Key points - At a glance -
Figure 33. Main findings in regards to Stage, Sex and Food effects on mean behavior.
Hypothesis 2 - Among and within variation -
Consolidation of behavior with age in my case was attributed due to higher among-individual variation of older fish. the test fish became more distinct from one another with age but did not change in their individual plasticity during their life-stages as assessed during the four consecutive behavioural trials. The question remains now why fish developed behavioral differences when compared to each other and consolidate those throughout life, independent of sex and food? In this regard, an experiential effect could be a possible reason but only to some extent, as the conditions for each fish did not change significantly over ontogeny (Bell et al 2009; Conrad et al. 2011). As one of the newest study available tackling that topic, Bierbach et al. found that individual variation occurred even in clonal generations of the Amazon molly (Poecilia formosa), despite their clonal nature and near identical rearing conditions (Bierbach et al 2017). According to Bierbach et al., it could be that “individuality might be an inevitable and potentially unpredictable outcome of development” (Bierbach et al. 2017). They argue that so called “minute experiential and environmental experiences” could shape behavioral differentiation more than previously thought (Bierbach et al. 2017). As for food, it only had an influence on the second exploratory variable (moving time). Low-food fish had a significantly lower among-individual variation and repeatability than high-food fish. Among-individual differences and repeatability changed for low-food fish because under environmental food stress they were partially forced to a more uniform behavior. Low food fish varied less among each other because they all had to explore to compensate the low-food conditions. In contrast high-food fish did not have that limitation by having always enough food and developing without constraints in an individual direction (Conrad et al. 2011; Fawcett & Frankenhuis 2015). Note however that those findings are, only implications, since the food effect was only detectable for 1 out of 4 measured traits but nonetheless interesting under the aspect of further, more extensive studies.
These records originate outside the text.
(* Let $(A,B)$ be a $3\times 3$ bimatrix game which is zero-sum, satisfies $a_{ij}\neq a_{i'j}$ and $b_{ij}\ne b_{ij'}$ for all $i\ne i'$, $j\ne j'$, and has a unique Nash equilibrium, which lies in the interior of $\Sigma_A\times\Sigma_B$. Then: (1) the transition diagram of $(A,B)$ has no alternating cycles; (2) the transition diagram has no sinks; (3) the transition diagram has no sources.
   Context: $\Sigma_A$, $\Sigma_B$ are the simplices of probability row, resp. column, vectors in $\mathbb{R}^3$; $\mathrm{BR}_A(q)=\operatorname{argmax}_{p\in\Sigma_A}pAq$, $\mathrm{BR}_B(p)=\operatorname{argmax}_{q\in\Sigma_B}pBq$; a Nash equilibrium is $(\bar p,\bar q)$ with $\bar p\in\mathrm{BR}_A(\bar q)$, $\bar q\in\mathrm{BR}_B(\bar p)$. The game is zero-sum if there are $e,g>0$, $f_j,h_i\in\mathbb{R}$ such that $C=(e a_{ij}+f_j)$ and $D=(g b_{ij}+h_i)$ satisfy $C+D=0$. The transition diagram: for $i\ne i'$, $(i,j)\to(i',j)$ iff $a_{i'j}>a_{ij}$; for $j\ne j'$, $(i,j)\to(i,j')$ iff $b_{ij'}>b_{ij}$. A cell $(i,j)$ is a sink if $(i',j)\to(i,j)$ and $(i,j')\to(i,j)$ for all $i'\ne i,j'\ne j$, and a source if all these arrows point out of $(i,j)$. An alternating cycle is a sequence of cells $(i_0,j_0),\dots,(i_n,j_n)=(i_0,j_0)$, consecutive ones differing in exactly one coordinate, such that either $(i_k,j_k)\to(i_{k+1},j_{k+1})$ whenever $i_k\ne i_{k+1}$ and $(i_{k+1},j_{k+1})\to(i_k,j_k)$ whenever $j_k\ne j_{k+1}$, or the same with both directions reversed. *)

From HB Require Import structures.
From mathcomp Require Import all_boot all_order all_algebra.
From mathcomp Require Import reals.
Set Implicit Arguments. Unset Strict Implicit. Unset Printing Implicit Defensive.
Import Order.TTheory GRing.Theory Num.Theory.
Local Open Scope ring_scope.

Section Bimatrix.
Variable R : realType.

Definition in_SigmaA (p : 'rV[R]_3) : Prop :=
  (forall j, 0 <= p 0 j) /\ \sum_(j < 3) p 0 j = 1.
Definition in_SigmaB (q : 'cV[R]_3) : Prop :=
  (forall i, 0 <= q i 0) /\ \sum_(i < 3) q i 0 = 1.

Definition payoff (p : 'rV[R]_3) (M : 'M[R]_3) (q : 'cV[R]_3) : R :=
  (p *m M *m q) 0 0.

Definition in_BR_A (A : 'M[R]_3) (q : 'cV[R]_3) (p : 'rV[R]_3) : Prop :=
  in_SigmaA p /\ forall p', in_SigmaA p' -> payoff p' A q <= payoff p A q.
Definition in_BR_B (B : 'M[R]_3) (p : 'rV[R]_3) (q : 'cV[R]_3) : Prop :=
  in_SigmaB q /\ forall q', in_SigmaB q' -> payoff p B q' <= payoff p B q.

Definition nash_eq (A B : 'M[R]_3) (p : 'rV[R]_3) (q : 'cV[R]_3) : Prop :=
  in_BR_A A q p /\ in_BR_B B p q.

(* zero-sum up to positive affine rescaling of each player's payoffs *)
Definition zero_sum (A B : 'M[R]_3) : Prop :=
  exists (e g : R) (f h : 'I_3 -> R), 0 < e /\ 0 < g /\
    forall i j, (e * A i j + f j) + (g * B i j + h i) = 0.

Definition cell := ('I_3 * 'I_3)%type.

Definition arrow (A B : 'M[R]_3) (c d : cell) : Prop :=
  (c.2 = d.2 /\ c.1 != d.1 /\ A c.1 c.2 < A d.1 c.2) \/
  (c.1 = d.1 /\ c.2 != d.2 /\ B c.1 c.2 < B c.1 d.2).

Definition is_sink (A B : 'M[R]_3) (c : cell) : Prop :=
  (forall i', i' != c.1 -> arrow A B (i', c.2) c) /\
  (forall j', j' != c.2 -> arrow A B (c.1, j') c).

Definition is_source (A B : 'M[R]_3) (c : cell) : Prop :=
  (forall i', i' != c.1 -> arrow A B c (i', c.2)) /\
  (forall j', j' != c.2 -> arrow A B c (c.1, j')).

Definition alternating_cycle (A B : 'M[R]_3) (n : nat) (c : nat -> cell) : Prop :=
  (0 < n)%N /\ c n = c 0%N /\
  (forall k, (k < n)%N ->
     ((c k).1 != (c k.+1).1) (+) ((c k).2 != (c k.+1).2)) /\
  ((forall k, (k < n)%N ->
      ((c k).1 != (c k.+1).1 -> arrow A B (c k) (c k.+1)) /\
      ((c k).2 != (c k.+1).2 -> arrow A B (c k.+1) (c k))) \/
   (forall k, (k < n)%N ->
      ((c k).1 != (c k.+1).1 -> arrow A B (c k.+1) (c k)) /\
      ((c k).2 != (c k.+1).2 -> arrow A B (c k) (c k.+1)))).

End Bimatrix.

From mathcomp Require Import all_boot all_order all_algebra.
From mathcomp Require Import reals.
From mathcomp Require Import ring.
Set Implicit Arguments.
Unset Strict Implicit.
Unset Printing Implicit Defensive.
Import Order.TTheory GRing.Theory Num.Theory.
Local Open Scope ring_scope.

(* A sink (i, j) is a pure Nash equilibrium, so by uniqueness the interior
   equilibrium would be pure.  For the rest, zero-sum-ness gives a potential
   phi = e A + f = -(g B + h) that is strictly monotone along every step of
   an alternating cycle, which is absurd.  At an interior equilibrium every row
   of phi has the same q-average and every column the same p-average, and the
   two common values agree; at a source (i, j), phi i j is the strict maximum
   of its row and the strict minimum of its column, so the row-i average is
   below phi i j and the column-j average above it. *)

Section ConvexCombination.
Variables (R : numDomainType) (I : finType) (w : I -> R).
Hypotheses (w_ge0 : forall k, 0 <= w k) (w_sum1 : \sum_k w k = 1).

Lemma convex_comb_const c : \sum_k w k * c = c.
Proof. by rewrite -big_distrl /= w_sum1 mul1r. Qed.

Lemma convex_comb_le x v : (forall k, x k <= v) -> \sum_k w k * x k <= v.
Proof.
move=> x_le; rewrite -[leRHS]convex_comb_const.
by apply: ler_sum => k _; apply: ler_wpM2l.
Qed.

Lemma convex_comb_lt x v k0 : (forall k, x k <= v) -> 0 < w k0 -> x k0 < v ->
  \sum_k w k * x k < v.
Proof.
move=> x_le w0_gt0 x0_lt; rewrite -subr_gt0.
have -> : v - \sum_k w k * x k = \sum_k w k * (v - x k).
  by rewrite -[v in LHS]convex_comb_const -sumrB; apply: eq_bigr => k _; rewrite mulrBr.
rewrite (bigD1 k0) //=; apply: ltr_pwDl; first by rewrite mulr_gt0 ?subr_gt0.
by apply: sumr_ge0 => k _; rewrite mulr_ge0 ?subr_ge0.
Qed.

Lemma convex_comb_eq_ub x v : (forall k, 0 < w k) -> (forall k, x k <= v) ->
  \sum_k w k * x k = v -> forall k, x k = v.
Proof.
move=> w_gt0 x_le avg_v k; apply/eqP/negPn/negP => xk_neq.
have /(@convex_comb_lt x v k x_le (w_gt0 k)) : x k < v by rewrite lt_neqAle xk_neq x_le.
by rewrite avg_v ltxx.
Qed.

End ConvexCombination.

Lemma no_increasing_cycle (R : numDomainType) (u : nat -> R) n :
  (0 < n)%N -> u n = u 0%N -> ~ (forall k, (k < n)%N -> u k < u k.+1).
Proof.
move=> n_gt0 un_u0 u_incr.
have : u 0%N < u n.
  apply: (@homo_ltn_in _ [pred k | k <= n]%N _ _ (@lt_trans _ _)); rewrite ?inE //.
  - by move=> i j _ j_le k /andP[_ /ltnW /leq_trans]; apply.
  - by move=> k _ k_lt; apply: u_incr.
by rewrite un_u0 ltxx.
Qed.

Section PurePayoffs.
Variable R : realType.
Implicit Types (M : 'M[R]_3) (p : 'rV[R]_3) (q : 'cV[R]_3).

Lemma payoff_rowE p M q : payoff p M q = \sum_k p 0 k * (M *m q) k 0.
Proof. by rewrite /payoff -mulmxA mxE. Qed.

Lemma payoff_colE p M q : payoff p M q = \sum_l q l 0 * (p *m M) 0 l.
Proof. by rewrite /payoff mxE; apply: eq_bigr => l _; rewrite mulrC. Qed.

Lemma payoff_delta_row i M q : payoff 'e_i M q = (M *m q) i 0.
Proof. by rewrite /payoff -mulmxA -rowE mxE. Qed.

Lemma payoff_delta_col p M j : payoff p M (delta_mx j 0) = (p *m M) 0 j.
Proof. by rewrite /payoff -colE mxE. Qed.

Lemma payoff_delta i M j : payoff 'e_i M (delta_mx j 0) = M i j.
Proof. by rewrite payoff_delta_row -colE mxE. Qed.

Lemma delta_row_in_SigmaA i : in_SigmaA ('e_i : 'rV[R]_3).
Proof.
split=> [j|]; first by rewrite mxE ler0n.
rewrite (bigD1 i) //= mxE !eqxx big1 ?addr0 // => j /negbTE j_neq.
by rewrite mxE j_neq andbF.
Qed.

Lemma delta_col_in_SigmaB j : in_SigmaB (delta_mx j 0 : 'cV[R]_3).
Proof.
split=> [i|]; first by rewrite mxE ler0n.
rewrite (bigD1 j) //= mxE !eqxx big1 ?addr0 // => i /negbTE i_neq.
by rewrite mxE i_neq.
Qed.

Lemma in_BR_A_indifferent M q p : in_BR_A M q p -> (forall k, 0 < p 0 k) ->
  forall k, (M *m q) k 0 = payoff p M q.
Proof.
move=> [[p_ge0 p_sum1] p_best] p_gt0.
apply: (convex_comb_eq_ub p_ge0 p_sum1 p_gt0); last by rewrite payoff_rowE.
by move=> k; rewrite -payoff_delta_row; apply/p_best/delta_row_in_SigmaA.
Qed.

Lemma in_BR_B_indifferent M p q : in_BR_B M p q -> (forall l, 0 < q l 0) ->
  forall l, (p *m M) 0 l = payoff p M q.
Proof.
move=> [[q_ge0 q_sum1] q_best] q_gt0.
apply: (convex_comb_eq_ub q_ge0 q_sum1 q_gt0); last by rewrite payoff_colE.
by move=> l; rewrite -payoff_delta_col; apply/q_best/delta_col_in_SigmaB.
Qed.

Lemma const_row_col_values_eq M p q a b : in_SigmaA p -> in_SigmaB q ->
  (forall k, (M *m q) k 0 = a) -> (forall l, (p *m M) 0 l = b) -> a = b.
Proof.
move=> [_ p_sum1] [_ q_sum1] rowsE colsE.
transitivity (payoff p M q).
  by rewrite payoff_rowE; under eq_bigr do rewrite rowsE; rewrite convex_comb_const.
by rewrite payoff_colE; under eq_bigr do rewrite colsE; rewrite convex_comb_const.
Qed.

End PurePayoffs.

Section TransitionDiagram.
Variables (R : realType) (A B : 'M[R]_3).

Lemma arrow_col_lt i i' j : arrow A B (i, j) (i', j) -> A i j < A i' j.
Proof. by case=> [[_ [_ lt_ij]] | [_ [/eqP]]]. Qed.

Lemma arrow_row_lt i j j' : arrow A B (i, j) (i, j') -> B i j < B i j'.
Proof. by case=> [[_ [/eqP]] | [_ [_ lt_ij]]]. Qed.

Lemma pure_nash_eq i j : (forall k, A k j <= A i j) -> (forall l, B i l <= B i j) ->
  nash_eq A B 'e_i (delta_mx j 0).
Proof.
move=> A_max B_max; split; split.
- exact: delta_row_in_SigmaA.
- move=> p' [p'_ge0 p'_sum1]; rewrite payoff_delta payoff_delta_col mxE.
  exact: (convex_comb_le p'_ge0 p'_sum1 A_max).
- exact: delta_col_in_SigmaB.
- move=> q' [q'_ge0 q'_sum1]; rewrite payoff_delta payoff_delta_row mxE.
  under eq_bigr do rewrite mulrC.
  exact: (convex_comb_le q'_ge0 q'_sum1 B_max).
Qed.

Lemma sink_nash_eq i j : is_sink A B (i, j) -> nash_eq A B 'e_i (delta_mx j 0).
Proof.
move=> [sink_col sink_row]; apply: pure_nash_eq => [k | l].
  by have [-> // | /sink_col/arrow_col_lt/ltW] := eqVneq k i.
by have [-> // | /sink_row/arrow_row_lt/ltW] := eqVneq l j.
Qed.

Lemma no_sink_of_interior_unique_nash_eq p q :
  (forall p' q', nash_eq A B p' q' -> p' = p /\ q' = q) -> (forall k, 0 < p 0 k) ->
  forall c, ~ is_sink A B c.
Proof.
move=> nash_uniq p_gt0 [i j] /sink_nash_eq /nash_uniq [p_pure _].
have := p_gt0 (lift i ord0).
by rewrite -p_pure mxE eq_sym (negbTE (neq_lift _ _)) andbF ltxx.
Qed.

End TransitionDiagram.

Section ZeroSum.
Variables (R : realType) (A B : 'M[R]_3) (e g : R) (f h : 'I_3 -> R).
Hypotheses (e_gt0 : 0 < e) (g_gt0 : 0 < g).
Hypothesis zero_sumAB : forall i j, (e * A i j + f j) + (g * B i j + h i) = 0.
Implicit Types (p : 'rV[R]_3) (q : 'cV[R]_3).

Definition potential : 'M[R]_3 := \matrix_(i, j) (e * A i j + f j).
Local Notation phi := potential.

Lemma potentialE_B i j : phi i j = - (g * B i j + h i).
Proof. by rewrite mxE; apply/eqP; rewrite -addr_eq0 zero_sumAB. Qed.

Lemma potential_lt_A i i' j : A i j < A i' j -> phi i j < phi i' j.
Proof. by rewrite !mxE ltrD2r ltr_pM2l. Qed.

Lemma potential_gt_B i j j' : B i j < B i j' -> phi i j' < phi i j.
Proof. by rewrite !potentialE_B ltrN2 ltrD2r ltr_pM2l. Qed.

Lemma potential_lt_step (a b : cell) : (a.1 != b.1) (+) (a.2 != b.2) ->
  (a.1 != b.1 -> arrow A B a b) -> (a.2 != b.2 -> arrow A B b a) ->
  phi a.1 a.2 < phi b.1 b.2.
Proof.
case: a b => [i j] [i' j'] /=.
have [<- | i_neq] := eqVneq i i' => /=.
  by move=> j_neq _ col_step; apply/potential_gt_B/arrow_row_lt/col_step.
by move=> /negPn/eqP <- row_step _; apply/potential_lt_A/arrow_col_lt/row_step.
Qed.

Lemma no_alternating_cycle n c : ~ alternating_cycle A B n c.
Proof.
move=> [n_gt0 [cn_c0 [one_coord [steps | steps]]]].
  apply: (@no_increasing_cycle _ (fun k => phi (c k).1 (c k).2) n) => // [|k k_lt].
    by rewrite cn_c0.
  have [row_step col_step] := steps k k_lt.
  by apply: potential_lt_step => //; apply: one_coord.
apply: (@no_increasing_cycle _ (fun k => - phi (c k).1 (c k).2) n) => // [|k k_lt].
  by rewrite cn_c0.
have [row_step col_step] := steps k k_lt.
rewrite ltrN2; apply: potential_lt_step; rewrite eq_sym //.
by rewrite [(c k.+1).2 == _]eq_sym; apply: one_coord.
Qed.

Lemma mulmx_potential_col q k :
  (phi *m q) k 0 = e * (A *m q) k 0 + \sum_l f l * q l 0.
Proof.
rewrite !mxE big_distrr -big_split /=.
by apply: eq_bigr => l _; rewrite mxE mulrDl mulrA.
Qed.

Lemma mulmx_potential_row p l :
  (p *m phi) 0 l = - (g * (p *m B) 0 l + \sum_k p 0 k * h k).
Proof.
rewrite !mxE big_distrr -big_split -sumrN /=.
by apply: eq_bigr => k _; rewrite potentialE_B; ring.
Qed.

Lemma interior_nash_potential p q : nash_eq A B p q ->
  (forall k, 0 < p 0 k) -> (forall l, 0 < q l 0) ->
  forall i j, (phi *m q) i 0 = (p *m phi) 0 j.
Proof.
move=> [p_best q_best] p_gt0 q_gt0 i j.
apply: (const_row_col_values_eq (M := phi) p_best.1 q_best.1) => [k | l].
  by rewrite !mulmx_potential_col !(in_BR_A_indifferent p_best p_gt0).
by rewrite !mulmx_potential_row !(in_BR_B_indifferent q_best q_gt0).
Qed.

Lemma no_source_of_interior_nash_eq p q : nash_eq A B p q ->
  (forall k, 0 < p 0 k) -> (forall l, 0 < q l 0) -> forall c, ~ is_source A B c.
Proof.
move=> pq_nash p_gt0 q_gt0 [i j] [source_col source_row].
have [[[p_ge0 p_sum1] _] [[q_ge0 q_sum1] _]] := pq_nash.
have row_lt : (phi *m q) i 0 < phi i j.
  rewrite [(_ *m q) i 0]mxE; under eq_bigr do rewrite mulrC.
  apply: (convex_comb_lt q_ge0 q_sum1 (k0 := lift j ord0)) => [l | |].
  - by have [-> // | /source_row/arrow_row_lt/potential_gt_B/ltW] := eqVneq l j.
  - exact: q_gt0.
  - by apply/potential_gt_B/arrow_row_lt/source_row; rewrite eq_sym neq_lift.
have col_gt : phi i j < (p *m phi) 0 j.
  rewrite [(p *m _) 0 j]mxE -ltrN2 -sumrN; under eq_bigr do rewrite -mulrN.
  apply: (convex_comb_lt p_ge0 p_sum1 (k0 := lift i ord0)) => [k | |].
  - rewrite lerN2.
    by have [-> // | /source_col/arrow_col_lt/potential_lt_A/ltW] := eqVneq k i.
  - exact: p_gt0.
  - by rewrite ltrN2; apply/potential_lt_A/arrow_col_lt/source_col; rewrite eq_sym neq_lift.
have := lt_trans row_lt col_gt.
by rewrite (interior_nash_potential pq_nash p_gt0 q_gt0 i j) ltxx.
Qed.

End ZeroSum.

Theorem mainTheorem3 (R : realType) (A B : 'M[R]_3) :
  zero_sum A B ->
  (forall i i' j, i != i' -> A i j != A i' j) ->
  (forall i j j', j != j' -> B i j != B i j') ->
  (exists (p : 'rV[R]_3) (q : 'cV[R]_3),
     nash_eq A B p q /\
     (forall p' q', nash_eq A B p' q' -> p' = p /\ q' = q) /\
     (forall j, 0 < p 0 j) /\ (forall i, 0 < q i 0)) ->
  (forall (n : nat) (c : nat -> cell), ~ alternating_cycle A B n c) /\
  (forall c : cell, ~ is_sink A B c) /\
  (forall c : cell, ~ is_source A B c).
Proof.
move=> [e [g [f [h [e_gt0 [g_gt0 zero_sumAB]]]]]] _ _.
move=> [p [q [pq_nash [nash_uniq [p_gt0 q_gt0]]]]].
split; [|split] => [n c | c | c].
- exact: (no_alternating_cycle e_gt0 g_gt0 zero_sumAB).
- exact: (no_sink_of_interior_unique_nash_eq nash_uniq p_gt0).
- exact: (no_source_of_interior_nash_eq e_gt0 g_gt0 zero_sumAB pq_nash p_gt0 q_gt0).
Qed.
Summary and implications - Main takeaway -
With age individuals became more and more distinct from each other in their behavior. Food only had limited influence on the expression of behavioral types as well as their development over ontogeny. However, when present, food seemed to affect behaviour during certain life-stages in a typical way. Scarcity in food, seemed to have led to a more constrained and uniform exploratory behaviour in Heterandria formosa when compared to high-food fish. The measured mean behavior changed across life-stages. This was likely due to different energy requirements in each life-stage and the varying physiology of the fish across life -stages and between sexes (Conrad et al. 2011; Fawcett & Frankenhuis 2015). If food had an effect, it became evident through interactions with stage or sex. Those interactions and their effects suggest that the food shortage led to higher boldness and exploration to increase foraging (Conrad et al. 2011; Mittelbach et al. 2014). Not all hypotheses could have been accepted and the results were sometimes inconsistent. This may be due to the selection of the behavioral variables measured. Especially the two variables potentially assessing exploratory behaviour but showing different results give room for improvement. While I based the variable selection and the interpretation on an extensive literature it may be that these selections and interpretations were not correct for the model system (despite that Heterandria formosa is, as many other fish model species like Guppies or Mollies, a member of the family of the Poecillidae). Despite potential improvements and constraints, it remains that in contrast to many studies the study assessed behavioral changes under different food conditions and covered a full life history. The interesting and comprehensive results consequently underline the advantages of longitudinal studies and their importance for the scientific field of behavioral ecology.
Key points - At a glance -
Figure 34. Main findings summary for repeatability, within and among individual variation in fish behavior.